• **Your assignment**:
Somewhere below, one line contains "Context: LOCAL model: synchronous" and a later line contains "the initial state". Output those two lines and everything between them exactly, and nothing else.
□ □ □ □
(* There is a deterministic distributed algorithm in the LOCAL model that, on any $n$-vertex graph $G=(V,E)$ with maximum degree $\Delta$ and distinct vertex IDs in $\{1,\dots,n\}$, runs in $\log^* n+O(1)$ rounds and computes for every vertex $v$ a set $S_v\subseteq\{1,\dots,m\}$ with $m=O(\Delta^2)$ and $|S_v|\ge\Delta$, such that $S_u\cap S_v=\emptyset$ for every edge $\{u,v\}\in E$. In particular every choice of one color from each $S_v$ is a proper $O(\Delta^2)$-coloring, the solution domain has size at least $\Delta$, and the contingency factor is $O(\Delta)$.
   Context: LOCAL model: synchronous rounds, in each round every vertex can send messages of unbounded size to its neighbors; running time is the number of rounds. Solution domain size $=\min_v|S_v|$; contingency factor $=m/\min_v|S_v|$. *)

From mathcomp Require Import all_boot.
Set Implicit Arguments. Unset Strict Implicit. Unset Printing Implicit Defensive.

Fixpoint tower (k : nat) : nat :=
  match k with 0 => 1 | k'.+1 => 2 ^ tower k' end.

(* log* n = least k such that k-fold iterated log_2 of n is <= 1,
   i.e. least k with n <= tower k (tower k >= k+1, so k <= n). *)
Definition log_star (n : nat) : nat :=
  find (fun k => n <= tower k) (iota 0 n.+1).

(* A deterministic algorithm in the LOCAL model (full-information form):
   each vertex holds a state of arbitrary type (unbounded message size);
   the initial state depends only on the vertex's ID; in each round every
   vertex sends its whole state to all neighbours and updates its state from
   its own state and the set of states received from its neighbours.  After
   [rounds] rounds each vertex outputs a finite list of natural numbers,
   read as the set S_v. *)
Record LocalAlg := {
  St : Type;
  init : nat -> St;
  step : St -> (St -> Prop) -> St;
  out : St -> seq nat;
  rounds : nat }.

Fixpoint run (A : LocalAlg) (n : nat) (e : rel 'I_n) (id : 'I_n -> nat)
    (t : nat) (v : 'I_n) : St A :=
  match t with
  | 0 => @init A (id v)
  | t'.+1 => @step A (run A e id t' v)
                 (fun s => exists u, e v u /\ run A e id t' u = s)
  end.

Definition output (A : LocalAlg) (n : nat) (e : rel 'I_n) (id : 'I_n -> nat)
    (v : 'I_n) : seq nat :=
  @out A (run A e id (rounds A) v).

Definition maxdeg (n : nat) (e : rel 'I_n) : nat :=
  \max_(v : 'I_n) #|[pred u | e v u]|.

(* Over a field of order q, the graphs
   {(x, p x)} of the q^(d+1) polynomials of degree at most d are q-subsets of
   F x F, i.e. of [0, q^2), and two of them share at most d points.  If the
   current colouring is proper with fewer than q^(d+1) colours, a vertex keeps
   the points of its own set that lie in none of the sets of its at most D
   neighbours: at least q - D d > D points survive, and the surviving sets of
   adjacent vertices are disjoint.  The first survivor is the new colour, so
   b-bit colours become O(log D + log b)-bit colours; after log* n rounds
   b = O(log D), and one more round with d = 4 and q = O(D) leaves every vertex
   more than D surviving points in a palette of size q^2 = O(D^2). *)

From mathcomp Require Import all_boot all_algebra all_field zify.
From mathcomp Require Import boolp.
Set Implicit Arguments. Unset Strict Implicit. Unset Printing Implicit Defensive.
Import GRing.Theory.

Record overlap_family (q d : nat) (S : nat -> seq nat) : Prop := OverlapFamily {
  family_uniq : forall c, c < q ^ d.+1 -> uniq (S c);
  family_size : forall c, c < q ^ d.+1 -> size (S c) = q;
  family_lt : forall c x, c < q ^ d.+1 -> x \in S c -> x < q * q;
  family_overlap : forall c c', c < q ^ d.+1 -> c' < q ^ d.+1 -> c != c' ->
    count (mem (S c')) (S c) <= d }.

Lemma count_root_lt_size (F : finIdomainType) (p : {poly F}) :
  p != 0%R -> count (root p) (enum F) < size p.
Proof.
move=> p_neq0; rewrite -size_filter max_poly_roots //.
- by apply/allP => x; rewrite mem_filter => /andP[].
- by rewrite filter_uniq ?enum_uniq.
Qed.

Section PolynomialGraphs.
Variables (F : finFieldType) (d : nat).
Local Notation q := #|F|.

Definition index_poly (c : nat) : {poly F} := val (nth 0%R (enum {poly_d.+1 F}) c).

Definition poly_graph (c : nat) : seq nat :=
  [seq val (enum_rank (x, (index_poly c).[x])%R) | x <- enum F].

Lemma index_poly_inj c c' : c < q ^ d.+1 -> c' < q ^ d.+1 ->
  index_poly c = index_poly c' -> c = c'.
Proof.
have size_enum : size (enum {poly_d.+1 F}) = q ^ d.+1 by rewrite -cardE card_npoly.
move=> lt_c lt_c' /val_inj eq_cc'; apply/eqP.
by rewrite -(nth_uniq 0%R _ _ (enum_uniq {poly_d.+1 F})) ?size_enum ?eq_cc'.
Qed.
□ □ □ □
• **Output below**:
   Context: LOCAL model: synchronous rounds, in each round every vertex can send messages of unbounded size to its neighbors; running time is the number of rounds. Solution domain size $=\min_v|S_v|$; contingency factor $=m/\min_v|S_v|$. *)

From mathcomp Require Import all_boot.
Set Implicit Arguments. Unset Strict Implicit. Unset Printing Implicit Defensive.

Fixpoint tower (k : nat) : nat :=
  match k with 0 => 1 | k'.+1 => 2 ^ tower k' end.

(* log* n = least k such that k-fold iterated log_2 of n is <= 1,
   i.e. least k with n <= tower k (tower k >= k+1, so k <= n). *)
Definition log_star (n : nat) : nat :=
  find (fun k => n <= tower k) (iota 0 n.+1).

(* A deterministic algorithm in the LOCAL model (full-information form):
   each vertex holds a state of arbitrary type (unbounded message size);
   the initial state depends only on the vertex's ID; in each round every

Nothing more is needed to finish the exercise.